Start of Block
(* Let $G$ be a connected bipartite graph with at least two vertices, $v\in V(G)$, and let $c_0$ be the mill-pond configuration $MP(v)$ ($c_0(v)=1$, $c_0(x)=0$ for $x\neq v$). Then the configurations of the diffusion process become periodic with period length $2$ after a pre-period of length $\epsilon(v)-1$.
   Context: Diffusion process: for a finite simple graph $G$ and a chip configuration $c_t:V(G)\to\mathbb{Z}$ (negative values allowed), the next configuration is defined simultaneously for every vertex $u$ by $c_{t+1}(u)=c_t(u)-|\{w\in N(u): c_t(u)>c_t(w)\}|+|\{w\in N(u): c_t(u)<c_t(w)\}|$. $\epsilon(v)=\max_{w\in V(G)}d(v,w)$ is the eccentricity of $v$. The period length is the least $p\geq1$ with $c_{t+p}=c_t$ for some $t$, and the pre-period length is the least such $t$ for that $p$. *)

From mathcomp Require Import all_boot all_order all_algebra.
Set Implicit Arguments. Unset Strict Implicit. Unset Printing Implicit Defensive.
Import Order.TTheory GRing.Theory Num.Theory.
Local Open Scope ring_scope.

Definition simple_graph (T : finType) (e : rel T) : Prop :=
  symmetric e /\ irreflexive e.

Definition connected_graph (T : finType) (e : rel T) : Prop :=
  forall x y : T, connect e x y.

Definition bipartite (T : finType) (e : rel T) : Prop :=
  exists f : T -> bool, forall x y, e x y -> f x != f y.

Definition walk_of_length (T : finType) (e : rel T) (k : nat) (v w : T) : bool :=
  [exists p : k.-tuple T, path e v p && (last v p == w)].

(* graph distance d(v,w): length of a shortest walk (searched among 0..|V|-1,
   which is exact for connected graphs) *)
Definition dist (T : finType) (e : rel T) (v w : T) : nat :=
  find (fun k => walk_of_length e k v w) (iota 0 #|T|).

Definition ecc (T : finType) (e : rel T) (v : T) : nat :=
  \max_(w : T) dist e v w.

Definition config (T : finType) := {ffun T -> int}.

Definition diffuse (T : finType) (e : rel T) (c : config T) : config T :=
  [ffun u => c u - (#|[set w | e u w && (c w < c u)]|)%:Z
                 + (#|[set w | e u w && (c u < c w)]|)%:Z].

Definition diffusion (T : finType) (e : rel T) (c0 : config T) (t : nat) : config T :=
  iter t (diffuse e) c0.

Definition millpond (T : finType) (v : T) : config T :=
  [ffun x => if x == v then 1%R else 0%R].

Definition is_period_length (X : Type) (c : nat -> X) (p : nat) : Prop :=
  (1 <= p)%N /\ (exists t, c (t + p)%N = c t) /\
  (forall q, (1 <= q)%N -> (q < p)%N -> forall t, c (t + q)%N <> c t).

Definition is_preperiod_length (X : Type) (c : nat -> X) (p t : nat) : Prop :=
  c (t + p)%N = c t /\ (forall s, (s < t)%N -> c (s + p)%N <> c s).

From mathcomp Require Import all_boot all_order all_algebra.
From mathcomp Require Import zify.
Set Implicit Arguments. Unset Strict Implicit. Unset Printing Implicit Defensive.
Import Order.TTheory GRing.Theory.

(* Write d for the distance from v; bipartiteness gives neighbours distances of
   opposite parity.  By induction on t, after t steps the chips lie in the ball of
   radius t, and inside it a vertex x with t + d x even is a strict local maximum
   holding between 1 and deg x chips, while one with t + d x odd is a strict local
   minimum holding between 1 - deg x and 0.  Hence inner vertices alternate by
   deg x, and a vertex entering the ball at distance t + 1 gets one chip per
   neighbour at distance t.  From t = ecc v - 1 on, the ball covers the graph and a
   vertex at distance ecc v has all its neighbours at distance ecc v - 1, so it
   gains deg x and loses it again: the period is 2.  It is not 1 since the value at
   v changes sign at every step, and the pre-period is not shorter since a vertex
   at distance s + 2 is empty at time s but not at time s + 2. *)

Section Walks.

Variables (T : finType) (e : rel T).

Lemma walk_of_lengthP k v w :
  reflect (exists p : seq T, [/\ size p = k, path e v p & last v p = w])
          (walk_of_length e k v w).
Proof.
apply: (iffP existsP) => [[p /andP[P /eqP L]] | [p [S P L]]].
  by exists (val p); rewrite size_tuple.
have Sb : size p == k by apply/eqP.
by exists (Tuple Sb); rewrite /= P L eqxx.
Qed.

Lemma walk_of_length0 v w : walk_of_length e 0 v w -> w = v.
Proof. by case/walk_of_lengthP => -[|a p] [//= _ _ <-]. Qed.

Lemma walk_of_lengthS k v x y :
  walk_of_length e k v x -> e x y -> walk_of_length e k.+1 v y.
Proof.
case/walk_of_lengthP => p [S P L] exy; apply/walk_of_lengthP; exists (rcons p y).
by rewrite size_rcons rcons_path last_rcons S P L exy.
Qed.

Lemma walk_of_lengthS_inv k v y :
  walk_of_length e k.+1 v y -> exists2 x, walk_of_length e k v x & e x y.
Proof.
case/walk_of_lengthP => p [S P L]; case/lastP: p S P L => [//|p z].
rewrite size_rcons rcons_path last_rcons => -[S] /andP[P exz] <-.
by exists (last v p) => //; apply/walk_of_lengthP; exists p.
Qed.

Lemma walk_of_length_parity (f : T -> bool) k v x :
  (forall a b, e a b -> f a != f b) ->
  walk_of_length e k v x -> f x = f v (+) odd k.
Proof.
move=> hf; elim: k x => [|k IH] x; first by move/walk_of_length0 => ->; rewrite addbF.
case/walk_of_lengthS_inv => y /IH fy /hf; rewrite fy /=.
by case: (f x); case: (f v); case: (odd k).
Qed.

Lemma connect_walk_of_length v x :
  connect e v x -> exists2 k, (k < #|T|)%N & walk_of_length e k v x.
Proof.
case/connectP => p P L; case/shortenP: P L => q Q U _ ->.
exists (size q); last by apply/walk_of_lengthP; exists q.
by have := max_card (mem (v :: q)); rewrite (card_uniqP U).
Qed.

End Walks.

Section Distance.

Variables (T : finType) (e : rel T) (v : T).

Lemma dist_le_ecc x : (dist e v x <= ecc e v)%N.
Proof. exact: bigop.leq_bigmax. Qed.

Lemma ecc_attained : exists x, dist e v x = ecc e v.
Proof.
have [|x Ex] := @bigop.eq_bigmax _ (dist e v); last by exists x; rewrite /ecc Ex.
by apply/card_gt0P; exists v.
Qed.

Hypothesis conn : connected_graph e.

Let has_walk x : has (fun k => walk_of_length e k v x) (iota 0 #|T|).
Proof.
have [k lk wk] := connect_walk_of_length (conn v x).
by apply/hasP; exists k => //; rewrite mem_iota.
Qed.

Lemma dist_walk x : walk_of_length e (dist e v x) v x.
Proof.
have := nth_find 0 (has_walk x); rewrite nth_iota //.
by have := has_walk x; rewrite has_find size_iota.
Qed.

Lemma dist_minimal x k : walk_of_length e k v x -> (dist e v x <= k)%N.
Proof.
move=> wk; rewrite leqNgt; apply/negP => lkd.
have lt := has_walk x; rewrite has_find size_iota in lt.
by have := before_find 0 lkd; rewrite nth_iota ?add0n ?wk //; apply: ltn_trans lt.
Qed.

Lemma dist_eq0 x : (dist e v x == 0%N) = (x == v).
Proof.
apply/eqP/eqP => [d0|->]; first by have := dist_walk x; rewrite d0 => /walk_of_length0.
by apply/eqP; rewrite -leqn0; apply: dist_minimal; apply/walk_of_lengthP; exists [::].
Qed.

Lemma dist_refl : dist e v v = 0%N.
Proof. by apply/eqP; rewrite dist_eq0. Qed.

Lemma dist_edge x y : e x y -> (dist e v y <= (dist e v x).+1)%N.
Proof. by move=> exy; apply/dist_minimal/(walk_of_lengthS (dist_walk x)). Qed.

Lemma dist_pred x k : dist e v x = k.+1 -> exists2 y, e y x & dist e v y = k.
Proof.
move=> dx; have := dist_walk x; rewrite dx => /walk_of_lengthS_inv [y wy eyx].
exists y => //; have := dist_minimal wy; have := dist_edge eyx; rewrite dx; lia.
Qed.

Lemma dist_between x j : (j <= dist e v x)%N -> exists y, dist e v y = j.
Proof.
move=> ljd; have dx : dist e v x = (dist e v x - j + j)%N by rewrite subnK.
move: (dist e v x - j)%N dx => k; elim: k x {ljd} => [|k IH] x dx; first by exists x.
by have [y _ /IH] := dist_pred dx.
Qed.

Lemma dist_edge_odd x y : bipartite e -> e x y ->
  odd (dist e v y) = ~~ odd (dist e v x).
Proof.
case=> f hf exy; have := hf _ _ exy.
rewrite (walk_of_length_parity hf (dist_walk x)) (walk_of_length_parity hf (dist_walk y)).
by case: (f v); case: (odd (dist e v x)); case: (odd (dist e v y)).
Qed.

Lemma ecc_gt0 : (1 < #|T|)%N -> (0 < ecc e v)%N.
Proof.
move=> hT; have /card_gt0P [x] : (0 < #|predC1 v|)%N by rewrite cardC1; lia.
rewrite !inE -dist_eq0 -lt0n => dx.
exact: leq_trans dx (dist_le_ecc x).
Qed.

End Distance.

Local Open Scope ring_scope.

Section Diffusion.

Variables (T : finType) (e : rel T).

Definition deg (x : T) : nat := #|[set w | e x w]|.

Lemma card_nbrs_all (P : pred T) x :
  (forall w, e x w -> P w) -> #|[set w | e x w && P w]| = deg x.
Proof.
by move=> hP; apply: eq_card => w; rewrite !inE; case exw: (e x w) => //=; apply: hP.
Qed.

Lemma card_nbrs_none (P : pred T) x :
  (forall w, e x w -> ~~ P w) -> #|[set w | e x w && P w]| = 0%N.
Proof.
move=> hP; apply: eq_card0 => w; rewrite !inE.
by case exw: (e x w) => //=; apply/negbTE/hP.
Qed.

Lemma diffuse_nbrs_ge (c : config T) x : (forall w, e x w -> c x <= c w) ->
  diffuse e c x = c x + (#|[set w | e x w && (c x < c w)]|)%:Z.
Proof.
move=> hc; rewrite ffunE card_nbrs_none ?subr0 // => w /hc.
by rewrite ltNge => ->.
Qed.

Lemma diffuse_nbrs_le (c : config T) x : (forall w, e x w -> c w <= c x) ->
  diffuse e c x = c x - (#|[set w | e x w && (c w < c x)]|)%:Z.
Proof.
move=> hc; rewrite ffunE [X in _ + X%:Z]card_nbrs_none ?addr0 // => w /hc.
by rewrite ltNge => ->.
Qed.

Lemma diffuse_local_min (c : config T) x : (forall w, e x w -> c x < c w) ->
  diffuse e c x = c x + (deg x)%:Z.
Proof.
move=> hc; rewrite diffuse_nbrs_ge => [|w /hc /ltW //].
by rewrite card_nbrs_all.
Qed.

Lemma diffuse_local_max (c : config T) x : (forall w, e x w -> c w < c x) ->
  diffuse e c x = c x - (deg x)%:Z.
Proof.
move=> hc; rewrite diffuse_nbrs_le => [|w /hc /ltW //].
by rewrite card_nbrs_all.
Qed.

End Diffusion.

Section MillPond.

Variables (T : finType) (e : rel T) (v : T).
Hypotheses (simple : simple_graph e) (conn : connected_graph e) (bip : bipartite e).

Local Notation d := (dist e v).

Lemma dist_adj x w : e x w ->
  [/\ odd (d w) = ~~ odd (d x), (d w <= (d x).+1)%N & (d x <= (d w).+1)%N].
Proof.
move=> exw; have [sym _] := simple.
by split; [exact: dist_edge_odd | exact: dist_edge | apply: dist_edge; rewrite // sym].
Qed.

Definition ripple (t : nat) (c : config T) : Prop :=
  forall x, if (d x <= t)%N then
    if odd (t + d x) then 1 - (deg e x)%:Z <= c x <= 0 else 1 <= c x <= (deg e x)%:Z
  else c x == 0.

Lemma ripple_diffuse_in t c x : ripple t c -> (d x <= t)%N ->
  diffuse e c x = if odd (t + d x) then c x + (deg e x)%:Z else c x - (deg e x)%:Z.
Proof.
move=> rc dxt; have cx := rc x; rewrite dxt in cx.
have par w : e x w -> odd (t + d w) = ~~ odd (t + d x).
  by case/dist_adj => o _ _; rewrite !oddD o addbN.
case ho: (odd (t + d x)); rewrite ho in cx.
  have ltdx : (d x < t)%N.
    by rewrite ltn_neqAle dxt andbT; apply: contraTneq ho => ->; rewrite oddD addbb.
  apply: diffuse_local_min => w exw; have [_ dw _] := dist_adj exw.
  have := rc w; rewrite ifT; last by lia.
  by rewrite par // ho /=; move: cx; lia.
apply: diffuse_local_max => w exw.
have := rc w; case: leqP => _; last by move/eqP->; move: cx; lia.
by rewrite par // ho /=; move: cx; lia.
Qed.

Lemma ripple_diffuse_out t c x : ripple t c -> (t < d x)%N ->
  diffuse e c x = (#|[set w | e x w && (d w <= t)%N]|)%:Z.
Proof.
move=> rc ltdx; have cx : c x = 0 by have := rc x; rewrite leqNgt ltdx => /eqP.
have cw w : e x w -> if (d w <= t)%N then 1 <= c w else c w == 0.
  move=> exw; have := rc w; case: leqP => // dwt.
  have [_ _ dxw] := dist_adj exw; have -> : d w = t by lia.
  by rewrite oddD addbb /= => /andP[].
rewrite diffuse_nbrs_ge cx ?add0r => [|w /cw]; last by case: leqP => _; [lia | move/eqP->].
congr Posz; apply: eq_card => w; rewrite !inE; case exw: (e x w) => //=.
by have := cw w exw; case: leqP => _; [lia | move/eqP->].
Qed.

Lemma ripple_diffuse t c : ripple t c -> ripple t.+1 (diffuse e c).
Proof.
move=> rc x; case: (leqP (d x) t) => [dxt | ltdx].
  have := rc x; rewrite dxt (ripple_diffuse_in rc dxt) (leqW dxt) addSn /=.
  by case: odd => /=; lia.
rewrite (ripple_diffuse_out rc ltdx); case: leqP => [dxt1 | lt1]; last first.
  by rewrite card_nbrs_none // => w /dist_adj [_ _]; lia.
have dxE : d x = t.+1 by lia.
rewrite dxE addSn addnS /= oddD addbb /=.
have [y eyx dy] := dist_pred conn dxE.
have pos : (0 < #|[set w | e x w && (d w <= t)%N]|)%N.
  apply/card_gt0P; exists y; rewrite inE dy leqnn andbT.
  by case: simple => sym _; rewrite sym.
have le : (#|[set w | e x w && (d w <= t)%N]| <= deg e x)%N.
  by apply/subset_leq_card/subsetP => w; rewrite !inE => /andP[].
lia.
Qed.

Hypothesis nontrivial : (1 < #|T|)%N.

Lemma deg_gt0 : (0 < deg e v)%N.
Proof.
have [x dx] := ecc_attained e v.
have [|y dy] := @dist_between _ _ v conn x 1; first by rewrite dx ecc_gt0.
have [z ezy /eqP] := dist_pred conn dy; rewrite dist_eq0 // => /eqP zv.
by apply/card_gt0P; exists y; rewrite inE -zv.
Qed.

Lemma ripple_millpond : ripple 0 (millpond v).
Proof.
move=> x; rewrite ffunE leqn0 dist_eq0 //.
by case: eqVneq => [->|] //=; rewrite dist_refl //=; have := deg_gt0; lia.
Qed.

Local Notation c := (diffusion e (millpond v)).

Lemma ripple_diffusion t : ripple t (c t).
Proof. by elim: t => [|t IH]; [exact: ripple_millpond | exact: ripple_diffuse]. Qed.

Lemma diffusion_period2 t : (ecc e v <= t.+1)%N -> c t.+2 = c t.
Proof.
move=> et; have r0 := ripple_diffusion t; have r1 := ripple_diffusion t.+1.
apply/ffunP => x; change (diffuse e (c t.+1) x = c t x).
have := r0 x; case: (leqP (d x) t) => [dxt | ltdx] cx.
  rewrite (ripple_diffuse_in r1) ?(leqW dxt) // (ripple_diffuse_in r0 dxt) addSn /=.
  by case: odd cx => /=; lia.
have dxE : d x = t.+1 by have := dist_le_ecc e v x; lia.
rewrite (ripple_diffuse_in r1) ?dxE // oddD addbb /= (ripple_diffuse_out r0) ?dxE //.
rewrite card_nbrs_all ?(eqP cx) ?subrr // => w exw.
have [o _ _] := dist_adj exw; have := dist_le_ecc e v w.
suff : d w != t.+1 by lia.
by apply/eqP => dwE; move: o; rewrite dwE dxE; case: odd.
Qed.

Lemma diffusion_step_neq t : c t.+1 <> c t.
Proof.
move/ffunP/(_ v); have := ripple_diffusion t v; have := ripple_diffusion t.+1 v.
by rewrite dist_refl // !leq0n !addn0 /=; case: odd => /=; lia.
Qed.

Lemma diffusion_neq_before_ecc s : (s.+2 <= ecc e v)%N -> c s.+2 <> c s.
Proof.
move=> se; have [x0 dx0] := ecc_attained e v.
have [|x dx] := @dist_between _ _ v conn x0 s.+2; first by rewrite dx0.
move/ffunP/(_ x); have := ripple_diffusion s x; have := ripple_diffusion s.+2 x.
rewrite dx leqnn oddD addbb (_ : (s.+2 <= s)%N = false) /=; last by lia.
lia.
Qed.

End MillPond.

Theorem corollary21 (T : finType) (e : rel T) (v : T) :
  simple_graph e -> connected_graph e -> bipartite e -> (1 < #|T|)%N ->
  is_period_length (diffusion e (millpond v)) 2 /\
  is_preperiod_length (diffusion e (millpond v)) 2 (ecc e v).-1.
Proof.
move=> simple conn bip hT; have ecc_pos := ecc_gt0 v conn hT.
have periodic : diffusion e (millpond v) ((ecc e v).-1 + 2) =
                diffusion e (millpond v) (ecc e v).-1.
  by rewrite addn2; apply: diffusion_period2 => //; lia.
split.
  split=> //; split; first by exists (ecc e v).-1.
  move=> q q_gt0 q_lt2 t; have -> : q = 1%N by lia.
  by rewrite addn1; apply: diffusion_step_neq.
split=> // s s_lt; rewrite addn2; apply: diffusion_neq_before_ecc => //; lia.
Qed.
End of Block
» Task to carry out
Which lines of the material contain the string "addbb"? List each of them.

» Finished exercise
    by rewrite ltn_neqAle dxt andbT; apply: contraTneq ho => ->; rewrite oddD addbb.
  by rewrite oddD addbb /= => /andP[].
rewrite dxE addSn addnS /= oddD addbb /=.
rewrite (ripple_diffuse_in r1) ?dxE // oddD addbb /= (ripple_diffuse_out r0) ?dxE //.
rewrite dx leqnn oddD addbb (_ : (s.+2 <= s)%N = false) /=; last by lia.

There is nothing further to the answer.